SOURCE MATERIAL section start
Lemma fourier_tan_lin g1 g2 (k1 k2 : C) xi t : decaying_slice g1 t -> decaying_slice g2 t ->
  fourier_tan (fun t x => k1 * g1 t x + k2 * g2 t x)%C xi t =
  (k1 * fourier_tan g1 xi t + k2 * fourier_tan g2 xi t)%C.
Proof.
  intros [A1 A2] [B1 B2].
  destruct (decaying_fourier (re2 g1) (im2 g1) xi t A1 A2) as [R1 I1].
  destruct (decaying_fourier (re2 g2) (im2 g2) xi t B1 B2) as [R2 I2].
  unfold fourier_tan.
  set (r1 := fourier_re (re2 g1) (im2 g1) xi t) in *. set (i1 := fourier_im (re2 g1) (im2 g1) xi t) in *.
  set (r2 := fourier_re (re2 g2) (im2 g2) xi t) in *. set (i2 := fourier_im (re2 g2) (im2 g2) xi t) in *.
  apply injective_projections; simpl.
  - rewrite (tan_integral_ext _ (fun x => 1 * (fst k1 * r1 x + (- snd k1) * i1 x)
        + 1 * (fst k2 * r2 x + (- snd k2) * i2 x)))
      by (intros; unfold r1, i1, r2, i2, fourier_re, fourier_im, re2, im2; simpl; ring).
    rewrite !tan_integral_lin; auto; try ring; apply decaying_plus; apply decaying_scal; auto.
  - rewrite (tan_integral_ext _ (fun x => 1 * (fst k1 * i1 x + snd k1 * r1 x)
        + 1 * (fst k2 * i2 x + snd k2 * r2 x)))
      by (intros; unfold r1, i1, r2, i2, fourier_re, fourier_im, re2, im2; simpl; ring).
    rewrite !tan_integral_lin; auto; try ring; apply decaying_plus; apply decaying_scal; auto.
Qed.

Lemma decay_bound_of_moments (h : R -> R) M0 M4 :
  (forall x, Rabs (h x) <= M0) -> (forall x, Rabs (x ^ 4) * Rabs (h x) <= M4) ->
  decay_bound h (2 * M0 + 2 * M4).
Proof.
  intros B0 B4 x. specialize (B0 x); specialize (B4 x).
  rewrite Rabs_pos_eq in B4 by (replace (x ^ 4) with ((x ^ 2) ^ 2) by ring; apply pow2_ge_0).
  pose proof (Rabs_pos (h x)).
  assert ((1 + x ^ 2) ^ 2 <= 2 + 2 * x ^ 4) by (pose proof (pow2_ge_0 (x ^ 2 - 1)); nra).
  nra.
Qed.

Lemma Cmod_fourier_tan_le g xi t M : decaying_slice g t ->
  (forall x, Cmod (g t x) <= M) -> (forall x, Rabs (x ^ 4) * Cmod (g t x) <= M) ->
  Cmod (fourier_tan g xi t) <= 2 * (PI * (8 * M)).
Proof.
  intros [S1 S2] B0 B4.
  assert (D : forall p : C -> R, (forall z, Rabs (p z) <= Cmod z) ->
    decay_bound (fun x => p (g t x)) (2 * M + 2 * M)).
  { intros p Hp. apply decay_bound_of_moments; intro x.
    - eapply Rle_trans, B0. apply Hp.
    - eapply Rle_trans, B4. apply Rmult_le_compat_l; [apply Rabs_pos | apply Hp]. }
  destruct (decay_bound_fourier (re2 g) (im2 g) xi t _ _
    (D fst Rabs_fst_le_Cmod) (D snd Rabs_snd_le_Cmod)) as [E1 E2].
  destruct (decaying_fourier (re2 g) (im2 g) xi t S1 S2) as [F1 F2].
  replace (8 * M) with (2 * M + 2 * M + (2 * M + 2 * M)) by ring.
  apply Cmod_le_of_components; apply tan_integral_bound; auto.
Qed.
(* Fix $x\in\{0,1\}^n$ with exactly $K$ ones and fix the incidence matrix $T$. Consider a right node $k$ of the SAFFRON construction, with measurement vector $z_k$. (i) The singleton test at node $k$ declares an item if and only if node $k$ is a singleton, and in that case the declared item is the unique defective item connected to node $k$. (ii) If node $k$ is a doubleton whose two defective items are $\ell_0$ and $\ell^*$, then the doubleton test at node $k$ with respect to $\ell_0$ declares exactly the item $\ell^*$. (iii) If node $k$ is connected to $\ell_0$ and to at least two other defective items, then the probability, over the random draw of $s_1,s_2$, that the doubleton test at node $k$ with respect to $\ell_0$ declares an item that is not one of the defective items connected to node $k$ is at most $1/n^2$.
   Context: Items are indexed by $[n]=\{1,\dots,n\}$ with $n=2^L$. The unknown support vector is $x\in\{0,1\}^n$ with $x_\ell=1$ iff item $\ell$ is defective; exactly $K$ items are defective. For $\ell\in[n]$, $b_\ell\in\{0,1\}^L$ denotes the $L$-bit binary representation of $\ell-1$, and $\overline{v}$ denotes the bitwise complement of a binary vector $v$. Two sequences $s_1=(i_1,\dots,i_n)$ and $s_2=(j_1,\dots,j_n)$ are drawn independently and uniformly at random from $[n]^n$. The signature of item $\ell$ is the vector $u_\ell=(b_\ell;\overline{b_\ell};b_{i_\ell};\overline{b_{i_\ell}};b_{j_\ell};\overline{b_{j_\ell}})\in\{0,1\}^{6L}$ (vertical concatenation). A bipartite graph has $n$ left nodes (the items) and $M$ right nodes, with incidence matrix $T\in\{0,1\}^{M\times n}$ ($T_{k\ell}=1$ iff item $\ell$ is connected to right node $k$). For each right node $k$ there are $6L$ tests: the $r$-th of them pools exactly the items $\ell$ with $T_{k\ell}=1$ and $(u_\ell)_r=1$, and its outcome is positive iff the pool contains a defective item. Hence the measurement vector of right node $k$ is $z_k=\bigvee_{\ell:\,T_{k\ell}x_\ell=1}u_\ell\in\{0,1\}^{6L}$ (bitwise OR; the zero vector if there is no such $\ell$). Write $z_k=(z_k^1;\dots;z_k^6)$ with each section $z_k^w\in\{0,1\}^L$, and $z^w_{k,t}$ for its $t$-th bit. A right node is a singleton if it is connected to exactly one defective item and a doubleton if it is connected to exactly two defective items. Singleton test at node $k$: if the Hamming weight of $z_k$ equals $3L$, declare defective the item $\ell$ with $b_\ell=z_k^1$; otherwise declare nothing. Doubleton test at node $k$ with respect to an item $\ell_0$ (already known to be defective, with $T_{k\ell_0}=1$): set $r^1=b_{\ell_0}$, $r^2=b_{i_{\ell_0}}$, $r^3=b_{j_{\ell_0}}$; for $w=1,2,3$ and $t=1,\dots,L$ let $c^w_t=z^{2w-1}_{k,t}$ if $r^w_t=0$ and $c^w_t=1-z^{2w}_{k,t}$ if $r^w_t=1$; let $\ell_w\in[n]$ be the index with $b_{\ell_w}=c^w$. If $i_{\ell_1}=\ell_2$ and $j_{\ell_1}=\ell_3$, declare item $\ell_1$ defective; otherwise declare nothing. *)

From HB Require Import structures.
From mathcomp Require Import all_boot all_order all_algebra.
Set Implicit Arguments. Unset Strict Implicit. Unset Printing Implicit Defensive.
(* Let $\mathcal D$ be a finite nonempty set, and let $\mathcal A^{\mathcal D}_{P,R}$ be the subring of $\mathcal H^{\mathcal D}_{P,R}$ consisting of the free $\mathbb Z$-algebra generated by the decorated planar rooted trees (equivalently, the $\mathbb Z$-span of the planar forests). Then $(e_F)_F$, $F$ running over all planar forests decorated by $\mathcal D$, is a $\mathbb Z$-basis of $\mathcal A^{\mathcal D}_{P,R}$.
   Context: $\mathcal H^{\mathcal D}_{P,R}$ is the free associative unital $\mathbb Q$-algebra on the set of planar rooted trees (finite trees with a root, embedded in the plane, edges oriented away from the root) decorated by $\mathcal D$; its basis is the set of planar forests $t_1\cdots t_n$ ($1$ = empty forest). Coproduct: $\Delta(F)=\sum_cP^c(F)\otimes R^c(F)$ over all cuts $c=(c_i)$ of $F=t_1\cdots t_n$, each $c_i$ being the empty cut of $t_i$ ($P=1,R=t_i$), the total cut ($P=t_i,R=1$), or an admissible cut (a nonempty set of edges of $t_i$ such that every oriented path meets at most one of them, with $R^{c_i}(t_i)$ the component of the root and $P^{c_i}(t_i)$ the left-to-right planar forest of the other components); $P^c(F)=\prod_iP^{c_i}(t_i)$, $R^c(F)=\prod_iR^{c_i}(t_i)$; counit $\varepsilon(F)=0$ for $F\ne1$. $B_d^+$ grafts $t_1\cdots t_n$ (in order) on a new root decorated by $d$; $\bullet_d=B_d^+(1)$; $\gamma_d$ is the linear map with $\gamma_d(1)=0$, $\gamma_d(t_1\cdots t_n)=t_1\cdots t_{n-1}$ if $t_n=\bullet_d$, $0$ otherwise. There is a unique bilinear form $(\,,\,)$ on $\mathcal H^{\mathcal D}_{P,R}$ with $(1,x)=\varepsilon(x)$, $(x_1x_2,y)=(x_1\otimes x_2,\Delta(y))$ and $(B_d^+(x),y)=(x,\gamma_d(y))$; it is nondegenerate, and $(e_F)_F$ denotes the basis of $\mathcal H^{\mathcal D}_{P,R}$ defined by $(e_F,G)=\delta_{F,G}$ for all planar forests $G$. *)

From HB Require Import structures.
From mathcomp Require Import all_boot all_order all_algebra.
Set Implicit Arguments. Unset Strict Implicit. Unset Printing Implicit Defensive.
Import Order.TTheory GRing.Theory Num.Theory.
Local Open Scope ring_scope.

Section PlanarTrees.
Variable D : eqType.

Inductive ptree : Type := Node of D & seq ptree.

(* planar forests t_1 ... t_n, the empty forest being the unit 1 *)
Definition forest := seq ptree.

Definition Bplus (d : D) (F : forest) : ptree := Node d F.

Fixpoint enc (t : ptree) : GenTree.tree D :=
  let: Node d ch := t in GenTree.Node 0 (GenTree.Leaf d :: map enc ch).

Fixpoint dec (g : GenTree.tree D) : option ptree :=
  match g with
  | GenTree.Node _ (GenTree.Leaf d :: l) => Some (Node d (pmap dec l))
  | _ => None
  end.

Lemma encK : pcancel enc dec.
Proof.
rewrite /pcancel; fix IH 1; case=> d ch /=; congr (Some (Node d _)).
elim: ch => [|c ch IHch] //=.
by rewrite IH /= IHch.
Qed.

HB.instance Definition _ := Equality.copy ptree (pcan_type encK).

(* acuts t : the list of (P^c(t), R^c(t)) for c the empty cut or an
   admissible cut of t (each cut listed exactly once); P^c(t) is the
   left-to-right planar forest of the cut-off components. *)
Fixpoint acuts (t : ptree) : seq (forest * ptree) :=
  let: Node d ch := t in
  let fix go (l : seq ptree) : seq (forest * seq ptree) :=
    match l with
    | [::] => [:: ([::], [::])]
    | c :: l' =>
        [seq (p.1 ++ q.1, p.2 ++ q.2)
           | p <- ([:: ([:: c], [::])] ++ [seq (x.1, [:: x.2]) | x <- acuts c]),
             q <- go l']
    end in
  [seq (p.1, Node d p.2) | p <- go ch].

Definition tcuts (t : ptree) : seq (forest * forest) :=
  ([:: t], [::]) :: [seq (x.1, [:: x.2]) | x <- acuts t].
SOURCE MATERIAL section end
## TASK ITEM
Report every line of the data in which "replace" appears.

## ANSWER BOX
  rewrite Rabs_pos_eq in B4 by (replace (x ^ 4) with ((x ^ 2) ^ 2) by ring; apply pow2_ge_0).
  replace (8 * M) with (2 * M + 2 * M + (2 * M + 2 * M)) by ring.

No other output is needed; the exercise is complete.